Ryuusei tomó asiento nuevamente, juntando las manos. Era hora de redefinir su motivación.
—Si no es venganza...—, razonó en voz alta, el sonido de su propia voz áspera. —Entonces debe ser construcción.—
Su plan debía seguir adelante. No porque el odio lo consumiera, sino porque el mundo que Haru, Kenta y Daichi representaban debía desaparecer. Un mundo donde el poder era sinónimo de opresión, donde los fuertes aplastaban a los débiles sin piedad. Él no solo estaba vengando a su familia; estaba limpiando un sistema podrido desde sus raíces.
El anciano le había dado la clave. —El sufrimiento no es un castigo de Dios; es la sombra de la libertad del hombre.— Si él permitía que la venganza lo consumiera, estaría validando la creencia de la Muerte: que el hombre siempre elegirá la destrucción.
—No me convertiré en la sombra de mi propia libertad—, juró.
—Podrías ser el arquitecto de una era de paz—, había dicho el anciano.
La ironía lo hizo esbozar una sonrisa fugaz. Paz. Una palabra tan abstracta, tan lejana. Pero tal vez, si lograba ejecutar su plan a la perfección, si eliminaba a quienes perpetuaban el caos, entonces podría dar el primer paso hacia algo más grande. Algo que trascendiera la muerte y la destrucción.

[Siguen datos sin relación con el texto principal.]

(* Let $n\ge1$ be an integer and let $(V,\|\cdot\|_{4n})$ be a normed plane whose unit circle is an affine regular $4n$-gon. Then $$c_B(\|\cdot\|_{4n})=\Big(\cos\frac{\pi}{4n}\Big)^2.$$
   Context: A normed (Minkowski) plane $(V,\|\cdot\|)$ is a two-dimensional real vector space with a norm; $o$ is the origin, $B=\{v:\|v\|\le1\}$ the unit ball, $S=\{v:\|v\|=1\}$ the unit circle. An affine regular $m$-gon centered at $o$ is the image of a Euclidean regular $m$-gon centered at the origin under a linear bijection. For distinct $x,y$, $\mathrm{bis}(x,y)=\{z\in V:\|z-x\|=\|z-y\|\}$. For $x\in S$, the inner projection is $\mathrm{P_I}(x)=\{z/\|z\|: z\in(\mathrm{bis}(-x,x)\cap B)\setminus\{o\}\}$. The sine function is $s:S\times S\to\mathbb{R}$, $s(u,v)=\inf_{t\in\mathbb{R}}\|u+tv\|$. The constant $c_B$ is $c_B(\|\cdot\|)=\inf_{x\in S}\ \inf_{w\in\mathrm{P_I}(x)} s(w,x)$. *)

(* classical reals. The plane V is modelled as R*R (WLOG). *)
From Stdlib Require Import Reals Lra ClassicalEpsilon ClassicalDescription.
Open Scope R_scope.

Definition vec := (R * R)%type.
Definition vadd (u v : vec) : vec := (fst u + fst v, snd u + snd v).
Definition vscal (a : R) (u : vec) : vec := (a * fst u, a * snd u).
Definition vopp (u : vec) : vec := vscal (-1) u.
Definition vsub (u v : vec) : vec := vadd u (vopp v).
Definition vzero : vec := (0, 0).

Definition is_norm (N : vec -> R) : Prop :=
  (forall x, N x = 0 -> x = vzero) /\
  (forall a x, N (vscal a x) = Rabs a * N x) /\
  (forall x y, N (vadd x y) <= N x + N y).

(* Greatest lower bound and infimum (classical choice; 0 if no glb exists). *)
Definition is_lower_bound (E : R -> Prop) (m : R) : Prop := forall x, E x -> m <= x.
Definition is_glb (E : R -> Prop) (m : R) : Prop :=
  is_lower_bound E m /\ (forall b, is_lower_bound E b -> b <= m).

Definition Rinf (E : R -> Prop) : R :=
  match excluded_middle_informative (exists m, is_glb E m) with
  | left h => proj1_sig (constructive_indefinite_description _ h)
  | right _ => 0
  end.

Definition reg_vertex (m k : nat) : vec :=
  (cos (2 * PI * INR k / INR m), sin (2 * PI * INR k / INR m)).

Definition on_reg_polygon (m : nat) (p : vec) : Prop :=
  exists (k : nat) (t : R), (k < m)%nat /\ 0 <= t <= 1 /\
    p = vadd (vscal (1 - t) (reg_vertex m k)) (vscal t (reg_vertex m (S k))).

Definition linmap (a b c d : R) (p : vec) : vec :=
  (a * fst p + b * snd p, c * fst p + d * snd p).

(* The unit circle of N is an affine regular m-gon centered at o:
   the image of a Euclidean regular m-gon under a linear bijection. *)
Definition unit_circle_affine_regular (N : vec -> R) (m : nat) : Prop :=
  exists a b c d : R, a * d - b * c <> 0 /\
    forall v, N v = 1 <-> exists p, on_reg_polygon m p /\ v = linmap a b c d p.
(* Let $I\subseteq\mathbb R[x_1,\dots,x_n]$ be an ideal such that $\mathcal V_{\mathbb R}(I)$ has a convex-singular point. Then $I$ is not $\mathrm{TH}$-exact.
   Context: $\mathbb{R}[\mathbf x]_k$ denotes the polynomials of degree at most $k$. $\mathcal V_{\mathbb R}(I)=\{x\in\mathbb R^n: f(x)=0\ \forall f\in I\}$. A polynomial $h$ is $k$-sos modulo $I$ if there are $g_1,\dots,g_r\in\mathbb{R}[\mathbf x]_k$ with $h-\sum_i g_i^2\in I$. The $k$-th theta body is $\mathrm{TH}_k(I)=\{p\in\mathbb R^n: l(p)\ge 0$ for every $l\in\mathbb{R}[\mathbf x]_1$ that is $k$-sos modulo $I\}$. $I$ is $\mathrm{TH}_k$-exact if $\mathrm{TH}_k(I)=\operatorname{cl}(\operatorname{conv}(\mathcal V_{\mathbb R}(I)))$, and $\mathrm{TH}$-exact if it is $\mathrm{TH}_k$-exact for some $k$. For $p\in\mathcal V_{\mathbb R}(I)$, the tangent space $T_p(I)$ is the affine subspace through $p$ orthogonal to the linear span of the gradients $\nabla f(p)$ of all polynomials $f$ vanishing on $\mathcal V_{\mathbb R}(I)$. A point $p\in\mathcal V_{\mathbb R}(I)$ is convex-singular if it lies on the (relative) boundary of $\operatorname{conv}(\mathcal V_{\mathbb R}(I))$ and $T_p(I)$ intersects the relative interior of $\operatorname{conv}(\mathcal V_{\mathbb R}(I))$. *)

From Stdlib Require Import Reals List Arith.
Import ListNotations.
Open Scope R_scope.

(* Points of R^n: functions nat -> R whose coordinates i >= n vanish. *)
Definition pt := nat -> R.
Definition InRn (n : nat) (x : pt) : Prop := forall i, (n <= i)%nat -> x i = 0.

Fixpoint sumR (l : list R) : R := match l with [] => 0 | a :: l' => a + sumR l' end.
Fixpoint sum_lt (n : nat) (f : nat -> R) : R :=
  match n with O => 0 | S m => sum_lt m f + f m end.

(* Monomials: exponent list [e_0; e_1; ...] for x_0^e_0 x_1^e_1 ... *)
Fixpoint mon_eval_from (e : list nat) (x : pt) (i : nat) : R :=
  match e with [] => 1 | a :: e' => x i ^ a * mon_eval_from e' x (S i) end.
Definition mon_eval (e : list nat) (x : pt) : R := mon_eval_from e x 0.
Fixpoint mon_deg (e : list nat) : nat := match e with [] => O | a :: e' => (a + mon_deg e')%nat end.

Definition polyrep := list (R * list nat).
Definition prep_eval (p : polyrep) (x : pt) : R := sumR (map (fun m => fst m * mon_eval (snd m) x) p).
Definition prep_vars (n : nat) (p : polyrep) : Prop := Forall (fun m => (length (snd m) <= n)%nat) p.
Definition prep_deg_le (k : nat) (p : polyrep) : Prop := Forall (fun m => (mon_deg (snd m) <= k)%nat) p.

Fixpoint dec_at (j : nat) (e : list nat) : list nat :=
  match e, j with
  | [], _ => []
  | a :: e', O => pred a :: e'
  | a :: e', S j' => a :: dec_at j' e'
  end.
Definition mon_deriv (j : nat) (m : R * list nat) : R * list nat :=
  (fst m * INR (nth j (snd m) O), dec_at j (snd m)).
Definition prep_deriv (j : nat) (p : polyrep) : polyrep := map (mon_deriv j) p.

Definition represents (n : nat) (p : polyrep) (f : pt -> R) : Prop :=
  prep_vars n p /\ forall x, f x = prep_eval p x.
Definition IsPoly (n : nat) (f : pt -> R) : Prop := exists p, represents n p f.
Definition IsPolyDeg (n k : nat) (f : pt -> R) : Prop :=
  exists p, represents n p f /\ prep_deg_le k p.

Definition IsIdeal (n : nat) (I : (pt -> R) -> Prop) : Prop :=
  (forall f, I f -> IsPoly n f) /\
  I (fun _ => 0) /\
  (forall f g, I f -> I g -> I (fun x => f x + g x)) /\
  (forall f h, I f -> IsPoly n h -> I (fun x => h x * f x)).

Definition VR (n : nat) (I : (pt -> R) -> Prop) (x : pt) : Prop :=
  InRn n x /\ forall f, I f -> f x = 0.

Definition ksos_mod (n k : nat) (I : (pt -> R) -> Prop) (h : pt -> R) : Prop :=
  exists gs : list (pt -> R),
    Forall (IsPolyDeg n k) gs /\
    I (fun x => h x - sumR (map (fun g => g x ^ 2) gs)).

Definition TH (n k : nat) (I : (pt -> R) -> Prop) (p : pt) : Prop :=
  InRn n p /\ forall l, IsPolyDeg n 1 l -> ksos_mod n k I l -> 0 <= l p.

Definition comb (ws : list R) (xs : list pt) : pt :=
  fun i => sumR (map (fun wx => fst wx * snd wx i) (combine ws xs)).
Definition conv (S : pt -> Prop) (p : pt) : Prop :=
  exists (ws : list R) (xs : list pt),
    length ws = length xs /\ Forall (fun w => 0 <= w) ws /\ sumR ws = 1 /\
    Forall S xs /\ p = comb ws xs.
Definition aff (S : pt -> Prop) (p : pt) : Prop :=
  exists (ws : list R) (xs : list pt),
    length ws = length xs /\ sumR ws = 1 /\ Forall S xs /\ p = comb ws xs.
Definition dist2 (n : nat) (p q : pt) : R := sum_lt n (fun i => (p i - q i) ^ 2).
Definition cl (n : nat) (S : pt -> Prop) (p : pt) : Prop :=
  InRn n p /\ forall eps, 0 < eps -> exists q, S q /\ dist2 n p q < eps.
Definition relint (n : nat) (S : pt -> Prop) (p : pt) : Prop :=
  S p /\ exists eps, 0 < eps /\ forall q, aff S q -> dist2 n p q < eps -> S q.
Definition relbd (n : nat) (S : pt -> Prop) (p : pt) : Prop :=
  cl n S p /\ ~ relint n S p.
(* Let $X,Y,\tilde X,\tilde Y$ be cellular spaces with $X$ and $\tilde X$ compact, let $r\ge0$, let $k\colon\tilde X\to X$ and $h\colon Y\to\tilde Y$ be maps, and let $a,b\colon X\to Y$ be maps with $a\overset{r}{\approx}b$. Then $a\circ k\overset{r}{\approx}b\circ k$ (as maps $\tilde X\to Y$) and $h\circ a\overset{r}{\approx}h\circ b$ (as maps $X\to\tilde Y$).
   Context: Cellular space = based CW complex; maps based. Strong similarity: $\langle W\rangle$ = free abelian group on a set $W$. $Y^X$ = based maps (compact-open), based at the constant map; $Y^X_a$ = path component of $a$; $V\mapsto V|_R$ restriction; $\mathcal F_n(X)$ = finite $R\subseteq X$ containing the basepoint with $|R|\le n+1$; $\langle Y^X\rangle^{(s)}=\{V:V|_R=0\ \forall R\in\mathcal F_{s-1}(X)\}$. For unbased $U,V$: $V^{(U)}$ = unbased maps; $\Xi^U(v)$ = constant map at $v$; for $U=\coprod_iU_i$ the combining product $\boxed{\sqcup}_i\langle w_i\rangle=\langle w\rangle$, $w|_{U_i}=w_i$, multilinear. For nonempty finite $E$: simplex $\Delta E$, faces $\Delta F$; layouts = sets $A$ of pairwise disjoint nonempty subsets; $\Delta[A]=\coprod_{F\in A}\Delta F$; $S\in\langle V^{(\Delta E)}\rangle$ fissile if $S|_{\Delta[A]}=\boxed{\sqcup}_{F\in A}S|_{\Delta F}$ for all layouts. $U\wr X=(U\times X)/(U\times\{x_0\})$, $\#^X(w)(u\wr x)=w(u)(x)$, $\langle (Y^X)^{(U)}\rangle^{(s)}_X=\langle\#^X\rangle^{-1}\langle Y^{U\wr X}\rangle^{(s)}$. $a\overset{r}{\approx}b$ iff for each nonempty finite $E$ there is a fissile $S\in\langle (Y^X_a)^{(\Delta E)}\rangle$ with $\langle\Xi^{\Delta E}(b)\rangle-S\in\langle (Y^X)^{(\Delta E)}\rangle^{(r+1)}_X$. *)

From HB Require Import structures.
From mathcomp Require Import all_boot all_order all_algebra.
From mathcomp Require Import all_classical all_reals all_analysis.
From mathcomp Require Import Rstruct Rstruct_topology.
From Stdlib Require Import List.

Set Implicit Arguments.
Unset Strict Implicit.
Unset Printing Implicit Defensive.
Import Order.TTheory GRing.Theory Num.Theory.
Local Open Scope classical_set_scope.
Local Open Scope ring_scope.

Definition RR := Rdefinitions.R.

(** Free abelian groups: an element of <W> (W : set T) is a finitely supported
    coefficient function T -> int whose support lies in W. *)
Definition fsupp (T : Type) (c : T -> int) : set T := [set w | c w != 0].
Definition in_free (T : Type) (W : set T) (c : T -> int) : Prop :=
  finite_set (fsupp c) /\ fsupp c `<=` W.
Definition gen (T : Type) (w : T) : T -> int :=
  fun v => if `[< v = w >] then 1 else 0.
Definition push (T T' : Type) (f : T -> T') (c : T -> int) : T' -> int :=
  fun v => \sum_(w \in [set w : {classic T} | f w = v]) c w.

Definition bmaps (X Y : ptopologicalType) : set (X -> Y) :=
  [set f | continuous f /\ f point = point].

Definition pcomp (X Y : ptopologicalType) (a : X -> Y) : set (X -> Y) :=
  [set f | bmaps f /\ exists g : RR -> {compact-open, X -> Y},
      {within [set t : RR | 0 <= t <= 1], continuous g} /\
      (forall t, 0 <= t <= 1 -> bmaps (g t : X -> Y)) /\
      (g 0 : X -> Y) = a /\ (g 1 : X -> Y) = f].

Definition simplex (E : finType) : set {ptws E -> RR} :=
  [set t | (forall i, 0 <= t i) /\ \sum_(i : E) t i = 1].
Definition face (E : finType) (F : {set E}) : set {ptws E -> RR} :=
  [set t | simplex t /\ forall i, i \notin F -> t i = 0].
Definition layout (E : finType) (A : {set {set E}}) : Prop :=
  (forall F, F \in A -> F != finset.set0) /\
  (forall F G, F \in A -> G \in A -> F != G -> (F :&: G)%SET == finset.set0).
(** Delta[A] = coproduct of the faces Delta F, F in A; since these faces are
    pairwise disjoint closed subsets of Delta E, we realise it as their union. *)
Definition layout_space (E : finType) (A : {set {set E}}) : set {ptws E -> RR} :=
  \bigcup_(F in [set F | F \in A]) face F.

(** Unbased maps U -> V, for U a subspace of a space D and V a subspace of
    Y^X; a map is represented by a function D -> (X -> Y) normalised to the
    constant based map outside U. *)
Definition dflt (X Y : ptopologicalType) : X -> Y := fun _ => point.
Definition restrU (D : Type) (X Y : ptopologicalType) (U : set D)
    (w : D -> (X -> Y)) : D -> (X -> Y) :=
  fun t => if `[< U t >] then w t else @dflt X Y.
Definition umaps (D : topologicalType) (X Y : ptopologicalType) (U : set D)
    (V : set (X -> Y)) : set (D -> (X -> Y)) :=
  [set w | {within U, continuous (fun t => (w t : {compact-open, X -> Y}))} /\
           (forall t, U t -> V (w t)) /\
           (forall t, ~ U t -> w t = @dflt X Y)].
Definition Xi (D : Type) (X Y : ptopologicalType) (U : set D) (v : X -> Y) :
  D -> (X -> Y) := restrU U (fun _ => v).

(** the combining product of the family (P F)_{F in A}, P F in <V^(Delta F)>,
    extended multilinearly from  [+]_F <w_F> = <w>, w|_{Delta F} = w_F. *)
Definition glue (E : finType) (X Y : ptopologicalType) (A : {set {set E}})
    (tup : {set E} -> ({ptws E -> RR} -> (X -> Y))) : {ptws E -> RR} -> (X -> Y) :=
  fun t => if `[< exists F, F \in A /\ face F t >]
           then tup (xget finset.set0 [set F | F \in A /\ face F t]) t
           else @dflt X Y.
Definition comb (E : finType) (X Y : ptopologicalType) (A : {set {set E}})
    (P : {set E} -> ({ptws E -> RR} -> (X -> Y)) -> int) :
    ({ptws E -> RR} -> (X -> Y)) -> int :=
  fun g => \sum_(tup \in [set tup : {classic ({set E} -> ({ptws E -> RR} -> (X -> Y)))} |
                  (forall F, F \notin A -> tup F = (fun _ => @dflt X Y)) /\
                  glue A tup = g])
             \prod_(F in A) P F (tup F).
Definition fissile (E : finType) (X Y : ptopologicalType)
    (S : ({ptws E -> RR} -> (X -> Y)) -> int) : Prop :=
  forall A : {set {set E}}, layout A ->
    push (restrU (layout_space A)) S = comb A (fun F => push (restrU (face F)) S).

(** U wr X = (U x X)/(U x {x0}): its points are the basepoint (None) and the
    classes Some (u, x) with u in U and x <> x0 (singleton classes). *)
Definition wr_pts (D : Type) (X : ptopologicalType) (U : set D) : set (option (D * X)) :=
  [set None] `|` [set Some p | p in [set p : D * X | U p.1 /\ p.2 != point]].
Definition sharp (D : Type) (X Y : ptopologicalType) (w : D -> (X -> Y)) :
    option (D * X) -> Y :=
  fun z => match z with None => point | Some p => w p.1 p.2 end.
Definition Fn (D : Type) (X : ptopologicalType) (n : nat) (U : set D) :
    set (set (option (D * X))) :=
  [set R | R `<=` wr_pts U /\ R None /\
           exists s : list (option (D * X)), (size s <= n.+1)%N /\ R = [set z | List.In z s]].
Definition restrZ (Z : Type) (Y : ptopologicalType) (R : set Z) (g : Z -> Y) : Z -> Y :=
  fun z => if `[< R z >] then g z else point.
(** membership in <(Y^X)^(U)>^(s)_X = <#^X>^{-1} <Y^(U wr X)>^(s) *)
Definition in_filt (D : topologicalType) (X Y : ptopologicalType) (s : nat)
    (U : set D) (V : (D -> (X -> Y)) -> int) : Prop :=
  in_free (umaps U (@bmaps X Y)) V /\
  forall R, @Fn D X s.-1 U R -> push (fun w => restrZ R (sharp w)) V = (fun _ => 0).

Lentamente, Ryuusei se giró hacia el espejo de cuerpo entero y se observó detenidamente. Ya no veía solo a un guerrero con el destino distorsionado, ni a un monstruo hambriento de retribución. Veía a alguien que había despertado. A alguien que entendía que la batalla real no era con los demás, sino consigo mismo.
Su mano se dirigió a su cinturón, donde sentía el peso tranquilizador de sus dagas de teletransportación. Eran herramientas del Caos, nacidas del dolor, sí, pero él tenía la elección para dictar su uso.
Por primera vez en mucho tiempo, Ryuusei sintió que tenía poder sobre su propio destino, una carga que no venía de una profecía o una habilidad innata, sino de una elección consciente. Y lo usaría para cambiar el mundo, no solo para incendiarlo. La noche aún era oscura, pero el propósito de Ryuusei, una mezcla de estrategia brutal y esperanza radical, brillaba como una nueva, e inesperada, aurora.